Excerpts from a dataset
============================================================

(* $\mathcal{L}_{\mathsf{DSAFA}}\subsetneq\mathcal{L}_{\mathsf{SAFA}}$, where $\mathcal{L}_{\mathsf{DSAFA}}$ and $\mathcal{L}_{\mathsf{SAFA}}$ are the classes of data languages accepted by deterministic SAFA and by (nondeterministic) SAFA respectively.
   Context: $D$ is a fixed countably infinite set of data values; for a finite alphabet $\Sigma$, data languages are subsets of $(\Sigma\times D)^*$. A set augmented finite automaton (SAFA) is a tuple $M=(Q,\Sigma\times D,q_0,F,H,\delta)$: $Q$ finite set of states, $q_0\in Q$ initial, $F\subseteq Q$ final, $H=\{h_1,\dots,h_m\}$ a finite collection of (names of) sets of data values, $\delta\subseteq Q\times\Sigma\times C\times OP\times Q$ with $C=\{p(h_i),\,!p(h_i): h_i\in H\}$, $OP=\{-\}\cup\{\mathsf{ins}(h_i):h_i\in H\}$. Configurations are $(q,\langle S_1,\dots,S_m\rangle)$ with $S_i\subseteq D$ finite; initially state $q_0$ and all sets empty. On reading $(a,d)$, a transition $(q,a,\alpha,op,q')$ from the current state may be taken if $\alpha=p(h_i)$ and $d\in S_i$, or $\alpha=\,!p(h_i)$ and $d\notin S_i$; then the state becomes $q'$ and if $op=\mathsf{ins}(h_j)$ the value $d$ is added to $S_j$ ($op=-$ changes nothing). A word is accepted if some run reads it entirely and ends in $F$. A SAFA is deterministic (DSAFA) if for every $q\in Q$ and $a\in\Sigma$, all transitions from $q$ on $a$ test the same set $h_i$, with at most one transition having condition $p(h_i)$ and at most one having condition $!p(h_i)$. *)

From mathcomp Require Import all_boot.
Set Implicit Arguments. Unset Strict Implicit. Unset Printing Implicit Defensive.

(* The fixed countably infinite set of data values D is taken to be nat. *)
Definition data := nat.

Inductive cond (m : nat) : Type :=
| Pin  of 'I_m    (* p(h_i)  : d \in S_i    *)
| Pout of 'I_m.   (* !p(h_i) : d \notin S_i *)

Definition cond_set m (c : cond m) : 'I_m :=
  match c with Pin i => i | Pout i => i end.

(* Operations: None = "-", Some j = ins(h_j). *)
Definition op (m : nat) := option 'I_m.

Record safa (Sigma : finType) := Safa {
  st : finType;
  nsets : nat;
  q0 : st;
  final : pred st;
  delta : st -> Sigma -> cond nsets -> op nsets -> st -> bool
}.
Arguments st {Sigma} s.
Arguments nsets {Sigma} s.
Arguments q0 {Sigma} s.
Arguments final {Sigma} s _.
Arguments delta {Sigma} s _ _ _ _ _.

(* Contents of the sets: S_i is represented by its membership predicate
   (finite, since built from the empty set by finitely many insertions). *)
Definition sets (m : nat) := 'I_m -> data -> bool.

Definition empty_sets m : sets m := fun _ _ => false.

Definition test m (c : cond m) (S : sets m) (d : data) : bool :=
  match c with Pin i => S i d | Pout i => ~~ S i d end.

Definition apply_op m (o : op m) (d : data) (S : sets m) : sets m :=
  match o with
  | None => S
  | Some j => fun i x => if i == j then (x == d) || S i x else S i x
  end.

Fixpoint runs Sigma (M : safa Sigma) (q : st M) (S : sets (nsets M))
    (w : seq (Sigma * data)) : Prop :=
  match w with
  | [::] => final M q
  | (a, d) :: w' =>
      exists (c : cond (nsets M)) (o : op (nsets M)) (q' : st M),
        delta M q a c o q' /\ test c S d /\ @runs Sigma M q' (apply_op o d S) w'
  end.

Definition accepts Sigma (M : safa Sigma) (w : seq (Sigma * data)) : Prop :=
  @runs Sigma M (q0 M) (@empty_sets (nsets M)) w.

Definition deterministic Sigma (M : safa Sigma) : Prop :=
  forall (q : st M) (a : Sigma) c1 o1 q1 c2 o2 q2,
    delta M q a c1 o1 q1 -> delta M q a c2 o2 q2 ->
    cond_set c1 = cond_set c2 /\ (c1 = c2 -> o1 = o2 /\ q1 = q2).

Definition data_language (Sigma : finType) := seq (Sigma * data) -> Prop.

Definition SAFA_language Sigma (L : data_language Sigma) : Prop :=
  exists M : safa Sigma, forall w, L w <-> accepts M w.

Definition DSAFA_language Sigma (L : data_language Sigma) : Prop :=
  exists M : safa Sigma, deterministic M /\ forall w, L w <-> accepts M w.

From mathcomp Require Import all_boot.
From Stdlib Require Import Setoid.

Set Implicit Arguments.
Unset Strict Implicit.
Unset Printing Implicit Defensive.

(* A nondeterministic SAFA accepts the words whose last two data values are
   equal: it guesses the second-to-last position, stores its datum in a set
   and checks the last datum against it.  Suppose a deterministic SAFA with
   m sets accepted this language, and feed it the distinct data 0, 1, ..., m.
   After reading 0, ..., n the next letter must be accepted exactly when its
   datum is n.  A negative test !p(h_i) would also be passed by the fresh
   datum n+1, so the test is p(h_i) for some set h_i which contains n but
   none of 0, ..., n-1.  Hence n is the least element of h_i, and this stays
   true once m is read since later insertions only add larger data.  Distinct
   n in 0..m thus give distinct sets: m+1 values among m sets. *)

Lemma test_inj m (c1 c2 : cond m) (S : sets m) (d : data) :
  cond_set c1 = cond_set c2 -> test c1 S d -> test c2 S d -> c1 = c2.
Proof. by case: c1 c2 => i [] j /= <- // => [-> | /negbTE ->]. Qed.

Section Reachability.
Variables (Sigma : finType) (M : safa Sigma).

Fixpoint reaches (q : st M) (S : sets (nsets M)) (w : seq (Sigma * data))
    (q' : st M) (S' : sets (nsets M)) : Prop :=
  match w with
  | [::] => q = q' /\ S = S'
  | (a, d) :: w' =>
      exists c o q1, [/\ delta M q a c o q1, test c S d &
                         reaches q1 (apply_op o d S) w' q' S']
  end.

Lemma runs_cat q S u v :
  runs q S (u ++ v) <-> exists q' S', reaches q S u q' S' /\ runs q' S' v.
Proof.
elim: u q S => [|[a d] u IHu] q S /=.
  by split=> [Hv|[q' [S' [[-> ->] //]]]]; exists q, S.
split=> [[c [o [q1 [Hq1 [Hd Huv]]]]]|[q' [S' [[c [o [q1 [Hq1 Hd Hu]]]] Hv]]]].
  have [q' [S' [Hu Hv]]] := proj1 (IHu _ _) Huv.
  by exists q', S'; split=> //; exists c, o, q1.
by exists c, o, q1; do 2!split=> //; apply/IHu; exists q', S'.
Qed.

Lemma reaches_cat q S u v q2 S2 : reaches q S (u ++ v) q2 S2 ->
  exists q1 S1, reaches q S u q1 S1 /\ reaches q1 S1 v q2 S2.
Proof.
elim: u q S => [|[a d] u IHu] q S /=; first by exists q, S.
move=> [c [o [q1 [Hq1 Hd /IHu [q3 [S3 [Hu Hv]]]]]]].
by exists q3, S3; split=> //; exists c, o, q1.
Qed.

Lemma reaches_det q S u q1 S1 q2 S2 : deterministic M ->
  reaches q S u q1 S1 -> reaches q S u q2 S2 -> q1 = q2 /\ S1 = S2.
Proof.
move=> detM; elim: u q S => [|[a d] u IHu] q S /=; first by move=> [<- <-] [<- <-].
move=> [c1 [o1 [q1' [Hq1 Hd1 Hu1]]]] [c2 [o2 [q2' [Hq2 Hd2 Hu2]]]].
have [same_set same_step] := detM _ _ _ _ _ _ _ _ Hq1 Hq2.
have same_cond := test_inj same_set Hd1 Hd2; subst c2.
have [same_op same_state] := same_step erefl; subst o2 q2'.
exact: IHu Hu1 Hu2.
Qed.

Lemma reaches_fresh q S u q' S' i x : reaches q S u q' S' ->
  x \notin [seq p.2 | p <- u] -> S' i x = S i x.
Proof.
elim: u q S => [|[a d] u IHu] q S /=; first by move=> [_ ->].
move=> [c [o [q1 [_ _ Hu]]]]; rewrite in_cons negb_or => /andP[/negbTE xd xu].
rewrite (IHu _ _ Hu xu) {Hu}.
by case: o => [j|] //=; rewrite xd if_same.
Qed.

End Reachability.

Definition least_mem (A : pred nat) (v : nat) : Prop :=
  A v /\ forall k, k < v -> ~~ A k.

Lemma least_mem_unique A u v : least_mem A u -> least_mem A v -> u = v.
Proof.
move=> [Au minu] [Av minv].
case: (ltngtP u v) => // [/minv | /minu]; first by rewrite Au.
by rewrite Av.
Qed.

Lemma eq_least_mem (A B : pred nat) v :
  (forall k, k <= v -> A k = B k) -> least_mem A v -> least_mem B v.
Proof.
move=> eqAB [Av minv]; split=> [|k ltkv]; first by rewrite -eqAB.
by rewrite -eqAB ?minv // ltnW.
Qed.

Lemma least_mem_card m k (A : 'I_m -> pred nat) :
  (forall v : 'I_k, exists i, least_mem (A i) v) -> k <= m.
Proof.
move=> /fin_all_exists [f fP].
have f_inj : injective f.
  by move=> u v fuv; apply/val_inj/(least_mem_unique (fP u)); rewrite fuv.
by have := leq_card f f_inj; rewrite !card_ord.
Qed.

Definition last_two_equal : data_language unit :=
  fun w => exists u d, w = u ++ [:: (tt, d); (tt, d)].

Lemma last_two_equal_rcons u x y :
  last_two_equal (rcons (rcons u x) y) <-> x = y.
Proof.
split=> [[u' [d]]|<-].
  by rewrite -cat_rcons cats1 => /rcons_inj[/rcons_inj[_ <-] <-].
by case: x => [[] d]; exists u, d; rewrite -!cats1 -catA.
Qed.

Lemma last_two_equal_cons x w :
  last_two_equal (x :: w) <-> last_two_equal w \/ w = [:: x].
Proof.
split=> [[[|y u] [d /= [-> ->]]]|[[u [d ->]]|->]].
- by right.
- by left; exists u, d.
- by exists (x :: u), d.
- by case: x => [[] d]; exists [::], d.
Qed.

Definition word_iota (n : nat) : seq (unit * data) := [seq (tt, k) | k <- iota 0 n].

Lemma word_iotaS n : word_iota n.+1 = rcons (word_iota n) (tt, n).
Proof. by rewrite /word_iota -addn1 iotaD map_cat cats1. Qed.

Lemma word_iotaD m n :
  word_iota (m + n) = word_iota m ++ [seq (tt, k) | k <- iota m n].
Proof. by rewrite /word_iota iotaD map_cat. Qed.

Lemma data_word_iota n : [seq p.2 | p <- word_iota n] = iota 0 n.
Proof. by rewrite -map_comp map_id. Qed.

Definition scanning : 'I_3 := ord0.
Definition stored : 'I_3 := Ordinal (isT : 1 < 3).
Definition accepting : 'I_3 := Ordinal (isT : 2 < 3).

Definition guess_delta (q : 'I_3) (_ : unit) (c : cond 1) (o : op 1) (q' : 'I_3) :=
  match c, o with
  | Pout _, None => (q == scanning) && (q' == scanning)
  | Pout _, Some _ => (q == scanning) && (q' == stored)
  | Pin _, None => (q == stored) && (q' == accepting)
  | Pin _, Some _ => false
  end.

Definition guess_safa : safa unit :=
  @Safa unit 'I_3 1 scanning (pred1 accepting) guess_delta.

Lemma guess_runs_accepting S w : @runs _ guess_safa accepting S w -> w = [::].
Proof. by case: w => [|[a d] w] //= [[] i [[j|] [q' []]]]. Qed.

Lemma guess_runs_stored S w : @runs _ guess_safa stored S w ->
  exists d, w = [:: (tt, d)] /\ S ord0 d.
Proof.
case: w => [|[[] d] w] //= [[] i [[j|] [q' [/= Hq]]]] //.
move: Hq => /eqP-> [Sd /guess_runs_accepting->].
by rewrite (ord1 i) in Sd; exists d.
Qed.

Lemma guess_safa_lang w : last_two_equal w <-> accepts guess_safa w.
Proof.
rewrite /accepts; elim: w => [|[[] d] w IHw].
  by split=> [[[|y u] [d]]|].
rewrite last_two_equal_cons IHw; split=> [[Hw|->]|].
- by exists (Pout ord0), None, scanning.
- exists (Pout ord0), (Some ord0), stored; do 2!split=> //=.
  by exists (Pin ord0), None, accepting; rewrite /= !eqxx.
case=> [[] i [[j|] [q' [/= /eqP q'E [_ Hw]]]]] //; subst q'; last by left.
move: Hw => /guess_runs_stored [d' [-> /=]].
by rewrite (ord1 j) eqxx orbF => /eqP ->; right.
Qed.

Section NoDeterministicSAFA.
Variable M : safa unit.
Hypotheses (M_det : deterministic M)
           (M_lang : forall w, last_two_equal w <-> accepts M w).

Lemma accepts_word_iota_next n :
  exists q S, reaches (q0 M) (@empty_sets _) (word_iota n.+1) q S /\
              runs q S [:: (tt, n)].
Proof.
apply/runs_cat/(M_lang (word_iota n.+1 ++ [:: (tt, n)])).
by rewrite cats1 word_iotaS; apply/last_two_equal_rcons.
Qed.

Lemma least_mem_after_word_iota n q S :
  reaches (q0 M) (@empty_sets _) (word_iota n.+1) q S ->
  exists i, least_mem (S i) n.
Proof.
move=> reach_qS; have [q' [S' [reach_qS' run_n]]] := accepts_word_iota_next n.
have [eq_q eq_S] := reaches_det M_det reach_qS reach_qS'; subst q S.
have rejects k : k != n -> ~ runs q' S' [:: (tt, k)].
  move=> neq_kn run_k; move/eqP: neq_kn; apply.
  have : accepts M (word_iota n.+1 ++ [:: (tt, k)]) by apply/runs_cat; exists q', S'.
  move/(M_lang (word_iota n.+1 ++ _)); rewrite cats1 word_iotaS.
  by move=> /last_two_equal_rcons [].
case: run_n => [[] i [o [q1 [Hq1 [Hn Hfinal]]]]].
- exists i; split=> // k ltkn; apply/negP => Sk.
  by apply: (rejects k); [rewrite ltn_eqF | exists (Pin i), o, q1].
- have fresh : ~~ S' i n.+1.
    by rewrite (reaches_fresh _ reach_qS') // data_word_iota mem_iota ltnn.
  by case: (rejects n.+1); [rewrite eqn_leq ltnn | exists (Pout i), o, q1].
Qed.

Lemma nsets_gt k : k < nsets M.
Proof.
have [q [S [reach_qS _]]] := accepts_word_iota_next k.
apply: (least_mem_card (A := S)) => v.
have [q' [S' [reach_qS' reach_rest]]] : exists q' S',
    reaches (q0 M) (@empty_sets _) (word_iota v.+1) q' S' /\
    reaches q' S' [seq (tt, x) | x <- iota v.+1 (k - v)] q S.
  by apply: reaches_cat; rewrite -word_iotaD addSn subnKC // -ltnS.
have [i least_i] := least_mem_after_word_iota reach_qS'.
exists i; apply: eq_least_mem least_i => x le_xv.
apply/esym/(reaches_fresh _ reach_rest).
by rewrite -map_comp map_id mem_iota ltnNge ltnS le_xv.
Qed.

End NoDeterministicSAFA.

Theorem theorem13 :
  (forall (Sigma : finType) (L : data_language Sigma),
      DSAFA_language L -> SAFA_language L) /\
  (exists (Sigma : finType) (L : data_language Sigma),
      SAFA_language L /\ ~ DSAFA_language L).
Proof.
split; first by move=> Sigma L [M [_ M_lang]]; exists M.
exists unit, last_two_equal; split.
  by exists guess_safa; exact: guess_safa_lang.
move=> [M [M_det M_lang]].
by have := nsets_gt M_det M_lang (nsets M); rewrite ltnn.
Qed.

============================================================

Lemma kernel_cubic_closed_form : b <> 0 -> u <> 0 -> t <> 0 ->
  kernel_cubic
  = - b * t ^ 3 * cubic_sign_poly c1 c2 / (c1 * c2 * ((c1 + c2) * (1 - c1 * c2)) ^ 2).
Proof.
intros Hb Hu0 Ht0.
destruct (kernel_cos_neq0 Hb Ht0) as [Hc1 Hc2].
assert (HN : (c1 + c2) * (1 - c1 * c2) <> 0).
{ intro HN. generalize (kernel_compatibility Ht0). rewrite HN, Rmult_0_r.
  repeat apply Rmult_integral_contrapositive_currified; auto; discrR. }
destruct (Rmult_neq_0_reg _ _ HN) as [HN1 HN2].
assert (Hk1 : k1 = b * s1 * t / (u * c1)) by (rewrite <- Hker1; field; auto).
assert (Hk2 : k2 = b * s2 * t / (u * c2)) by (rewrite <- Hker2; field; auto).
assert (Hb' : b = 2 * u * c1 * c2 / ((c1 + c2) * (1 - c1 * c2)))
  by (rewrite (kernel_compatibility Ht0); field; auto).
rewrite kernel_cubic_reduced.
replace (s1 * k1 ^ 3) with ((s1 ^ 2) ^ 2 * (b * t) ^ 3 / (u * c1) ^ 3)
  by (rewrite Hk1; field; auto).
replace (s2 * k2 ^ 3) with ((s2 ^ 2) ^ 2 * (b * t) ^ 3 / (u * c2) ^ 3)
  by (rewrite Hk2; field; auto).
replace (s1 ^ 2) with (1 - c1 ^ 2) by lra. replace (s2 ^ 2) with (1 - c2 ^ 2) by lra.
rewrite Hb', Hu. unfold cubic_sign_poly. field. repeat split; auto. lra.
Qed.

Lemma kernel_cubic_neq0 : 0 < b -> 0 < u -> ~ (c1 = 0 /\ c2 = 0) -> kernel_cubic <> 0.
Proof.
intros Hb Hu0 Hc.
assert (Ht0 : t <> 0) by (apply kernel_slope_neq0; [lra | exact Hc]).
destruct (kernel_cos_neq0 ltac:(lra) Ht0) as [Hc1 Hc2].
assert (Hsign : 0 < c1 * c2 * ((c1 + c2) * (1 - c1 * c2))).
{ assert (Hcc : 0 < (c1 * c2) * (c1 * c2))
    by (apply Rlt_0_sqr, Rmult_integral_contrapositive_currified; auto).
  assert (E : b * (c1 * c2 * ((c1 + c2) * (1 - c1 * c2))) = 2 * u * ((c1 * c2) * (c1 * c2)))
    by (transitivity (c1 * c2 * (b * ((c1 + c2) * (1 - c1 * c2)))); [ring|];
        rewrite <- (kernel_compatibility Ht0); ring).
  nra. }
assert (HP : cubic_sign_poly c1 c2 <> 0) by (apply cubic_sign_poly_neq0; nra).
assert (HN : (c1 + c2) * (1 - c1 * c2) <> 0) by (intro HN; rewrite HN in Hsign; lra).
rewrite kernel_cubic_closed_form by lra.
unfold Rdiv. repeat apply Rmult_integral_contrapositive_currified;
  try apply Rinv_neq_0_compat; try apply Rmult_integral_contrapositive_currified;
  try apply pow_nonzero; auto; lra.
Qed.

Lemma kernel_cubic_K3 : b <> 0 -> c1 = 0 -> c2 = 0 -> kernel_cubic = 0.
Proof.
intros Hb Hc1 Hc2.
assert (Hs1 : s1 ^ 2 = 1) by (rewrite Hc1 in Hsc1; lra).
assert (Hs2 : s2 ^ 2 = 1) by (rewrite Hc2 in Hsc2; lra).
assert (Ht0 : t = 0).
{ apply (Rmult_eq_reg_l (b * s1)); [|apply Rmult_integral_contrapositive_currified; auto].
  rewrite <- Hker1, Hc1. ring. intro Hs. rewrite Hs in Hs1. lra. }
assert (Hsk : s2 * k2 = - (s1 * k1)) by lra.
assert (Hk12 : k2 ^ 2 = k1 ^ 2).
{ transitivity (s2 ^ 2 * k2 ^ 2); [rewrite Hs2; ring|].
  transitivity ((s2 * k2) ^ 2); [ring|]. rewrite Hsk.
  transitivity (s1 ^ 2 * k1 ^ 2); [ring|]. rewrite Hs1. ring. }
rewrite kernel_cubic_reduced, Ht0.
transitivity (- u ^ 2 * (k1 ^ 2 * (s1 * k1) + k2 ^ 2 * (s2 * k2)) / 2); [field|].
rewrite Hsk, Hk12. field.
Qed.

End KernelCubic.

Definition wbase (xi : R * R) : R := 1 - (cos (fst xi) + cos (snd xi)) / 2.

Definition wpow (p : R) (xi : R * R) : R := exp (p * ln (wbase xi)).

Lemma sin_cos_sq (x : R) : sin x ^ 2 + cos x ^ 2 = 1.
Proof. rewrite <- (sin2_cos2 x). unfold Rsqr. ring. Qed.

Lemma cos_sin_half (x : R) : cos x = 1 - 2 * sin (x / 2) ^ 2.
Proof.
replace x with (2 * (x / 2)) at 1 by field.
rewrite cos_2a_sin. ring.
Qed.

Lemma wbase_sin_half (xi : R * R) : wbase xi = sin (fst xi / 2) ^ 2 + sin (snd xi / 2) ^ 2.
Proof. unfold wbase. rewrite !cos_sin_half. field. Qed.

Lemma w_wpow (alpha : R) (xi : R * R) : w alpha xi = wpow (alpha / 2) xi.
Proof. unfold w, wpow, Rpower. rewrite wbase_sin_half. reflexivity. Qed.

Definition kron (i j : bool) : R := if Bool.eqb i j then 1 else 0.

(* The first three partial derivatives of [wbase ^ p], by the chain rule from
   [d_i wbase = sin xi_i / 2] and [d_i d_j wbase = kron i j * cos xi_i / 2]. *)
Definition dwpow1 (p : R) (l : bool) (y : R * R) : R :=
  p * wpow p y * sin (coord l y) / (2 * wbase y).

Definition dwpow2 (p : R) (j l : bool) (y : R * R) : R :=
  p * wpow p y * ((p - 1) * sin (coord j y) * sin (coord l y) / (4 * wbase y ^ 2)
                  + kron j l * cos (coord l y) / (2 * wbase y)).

============================================================

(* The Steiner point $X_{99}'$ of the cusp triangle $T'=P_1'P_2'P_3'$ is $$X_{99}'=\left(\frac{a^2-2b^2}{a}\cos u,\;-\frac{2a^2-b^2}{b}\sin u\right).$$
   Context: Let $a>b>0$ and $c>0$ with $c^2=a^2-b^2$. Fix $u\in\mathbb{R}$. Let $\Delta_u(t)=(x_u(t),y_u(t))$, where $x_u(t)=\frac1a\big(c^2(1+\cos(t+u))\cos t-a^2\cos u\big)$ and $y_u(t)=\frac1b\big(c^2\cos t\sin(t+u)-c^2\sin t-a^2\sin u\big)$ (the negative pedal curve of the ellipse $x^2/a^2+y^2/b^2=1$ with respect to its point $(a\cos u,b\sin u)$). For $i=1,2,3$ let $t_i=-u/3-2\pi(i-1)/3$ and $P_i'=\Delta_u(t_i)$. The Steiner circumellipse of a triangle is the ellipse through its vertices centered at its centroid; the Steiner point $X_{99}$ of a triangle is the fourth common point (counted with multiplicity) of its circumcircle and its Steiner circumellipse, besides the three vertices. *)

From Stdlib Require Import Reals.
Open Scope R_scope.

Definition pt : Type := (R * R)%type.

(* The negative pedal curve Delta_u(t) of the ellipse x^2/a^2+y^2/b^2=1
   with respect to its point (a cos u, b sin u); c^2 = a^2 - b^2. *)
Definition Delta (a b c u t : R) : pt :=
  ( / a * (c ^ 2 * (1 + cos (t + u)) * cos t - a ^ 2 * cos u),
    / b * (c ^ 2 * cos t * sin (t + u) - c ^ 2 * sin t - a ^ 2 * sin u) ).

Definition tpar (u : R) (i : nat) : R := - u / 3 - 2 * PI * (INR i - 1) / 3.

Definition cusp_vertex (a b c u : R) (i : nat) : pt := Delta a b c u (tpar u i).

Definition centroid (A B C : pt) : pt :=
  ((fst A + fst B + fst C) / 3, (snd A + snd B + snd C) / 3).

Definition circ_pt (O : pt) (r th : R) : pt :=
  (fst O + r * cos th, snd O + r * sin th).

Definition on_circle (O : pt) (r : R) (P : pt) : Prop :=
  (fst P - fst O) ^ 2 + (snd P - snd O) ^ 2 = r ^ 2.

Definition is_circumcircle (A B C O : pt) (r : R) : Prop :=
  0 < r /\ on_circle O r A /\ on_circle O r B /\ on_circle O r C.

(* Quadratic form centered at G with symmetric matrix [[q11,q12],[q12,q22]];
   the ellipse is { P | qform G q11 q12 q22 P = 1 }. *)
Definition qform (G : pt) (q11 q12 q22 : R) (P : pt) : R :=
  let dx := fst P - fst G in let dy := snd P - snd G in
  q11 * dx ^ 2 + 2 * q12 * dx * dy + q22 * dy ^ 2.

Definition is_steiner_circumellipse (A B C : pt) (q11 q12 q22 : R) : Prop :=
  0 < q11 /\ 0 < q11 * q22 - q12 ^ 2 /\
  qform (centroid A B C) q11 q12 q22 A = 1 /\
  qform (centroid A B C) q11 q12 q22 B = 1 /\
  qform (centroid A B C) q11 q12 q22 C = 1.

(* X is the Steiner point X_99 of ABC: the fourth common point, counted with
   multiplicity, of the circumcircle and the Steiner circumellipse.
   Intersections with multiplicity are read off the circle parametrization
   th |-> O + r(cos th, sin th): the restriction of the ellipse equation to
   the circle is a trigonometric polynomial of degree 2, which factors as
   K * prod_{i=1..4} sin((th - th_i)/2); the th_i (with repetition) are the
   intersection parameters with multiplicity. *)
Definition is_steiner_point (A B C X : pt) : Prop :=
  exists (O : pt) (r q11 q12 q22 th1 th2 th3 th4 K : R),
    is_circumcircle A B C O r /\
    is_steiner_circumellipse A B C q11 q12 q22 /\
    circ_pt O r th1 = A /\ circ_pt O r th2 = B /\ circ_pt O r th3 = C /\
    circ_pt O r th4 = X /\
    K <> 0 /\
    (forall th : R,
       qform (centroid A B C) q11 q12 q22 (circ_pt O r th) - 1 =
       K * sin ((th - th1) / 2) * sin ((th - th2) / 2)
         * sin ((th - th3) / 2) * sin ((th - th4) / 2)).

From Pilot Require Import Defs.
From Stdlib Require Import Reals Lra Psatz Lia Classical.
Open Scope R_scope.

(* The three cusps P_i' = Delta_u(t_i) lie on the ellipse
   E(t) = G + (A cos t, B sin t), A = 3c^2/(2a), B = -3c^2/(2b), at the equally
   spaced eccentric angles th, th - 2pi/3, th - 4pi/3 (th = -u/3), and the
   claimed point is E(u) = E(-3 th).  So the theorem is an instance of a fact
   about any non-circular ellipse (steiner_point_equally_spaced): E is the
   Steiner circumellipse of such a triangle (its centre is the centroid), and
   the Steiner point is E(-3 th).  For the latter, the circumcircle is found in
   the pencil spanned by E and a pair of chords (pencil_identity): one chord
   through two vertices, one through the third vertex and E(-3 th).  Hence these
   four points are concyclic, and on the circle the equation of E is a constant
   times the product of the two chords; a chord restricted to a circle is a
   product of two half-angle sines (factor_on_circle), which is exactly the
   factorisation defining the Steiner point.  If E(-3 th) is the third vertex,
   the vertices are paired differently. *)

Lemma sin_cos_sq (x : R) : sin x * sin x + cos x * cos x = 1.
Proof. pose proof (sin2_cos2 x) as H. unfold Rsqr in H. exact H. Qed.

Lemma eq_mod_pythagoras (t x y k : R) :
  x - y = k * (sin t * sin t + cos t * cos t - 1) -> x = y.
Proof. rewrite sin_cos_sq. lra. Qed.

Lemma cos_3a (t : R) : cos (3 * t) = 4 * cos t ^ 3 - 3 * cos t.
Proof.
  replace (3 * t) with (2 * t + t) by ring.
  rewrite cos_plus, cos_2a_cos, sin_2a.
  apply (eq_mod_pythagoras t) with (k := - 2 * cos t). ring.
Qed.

============================================================

--- PROBLEM TO WORK ON ---
Which lines above contain the word "unit"? Show each of them.

--- RESULT OF THIS TASK ---
Definition last_two_equal : data_language unit :=
Definition word_iota (n : nat) : seq (unit * data) := [seq (tt, k) | k <- iota 0 n].
Definition guess_delta (q : 'I_3) (_ : unit) (c : cond 1) (o : op 1) (q' : 'I_3) :=
Definition guess_safa : safa unit :=
  @Safa unit 'I_3 1 scanning (pred1 accepting) guess_delta.
Variable M : safa unit.
exists unit, last_two_equal; split.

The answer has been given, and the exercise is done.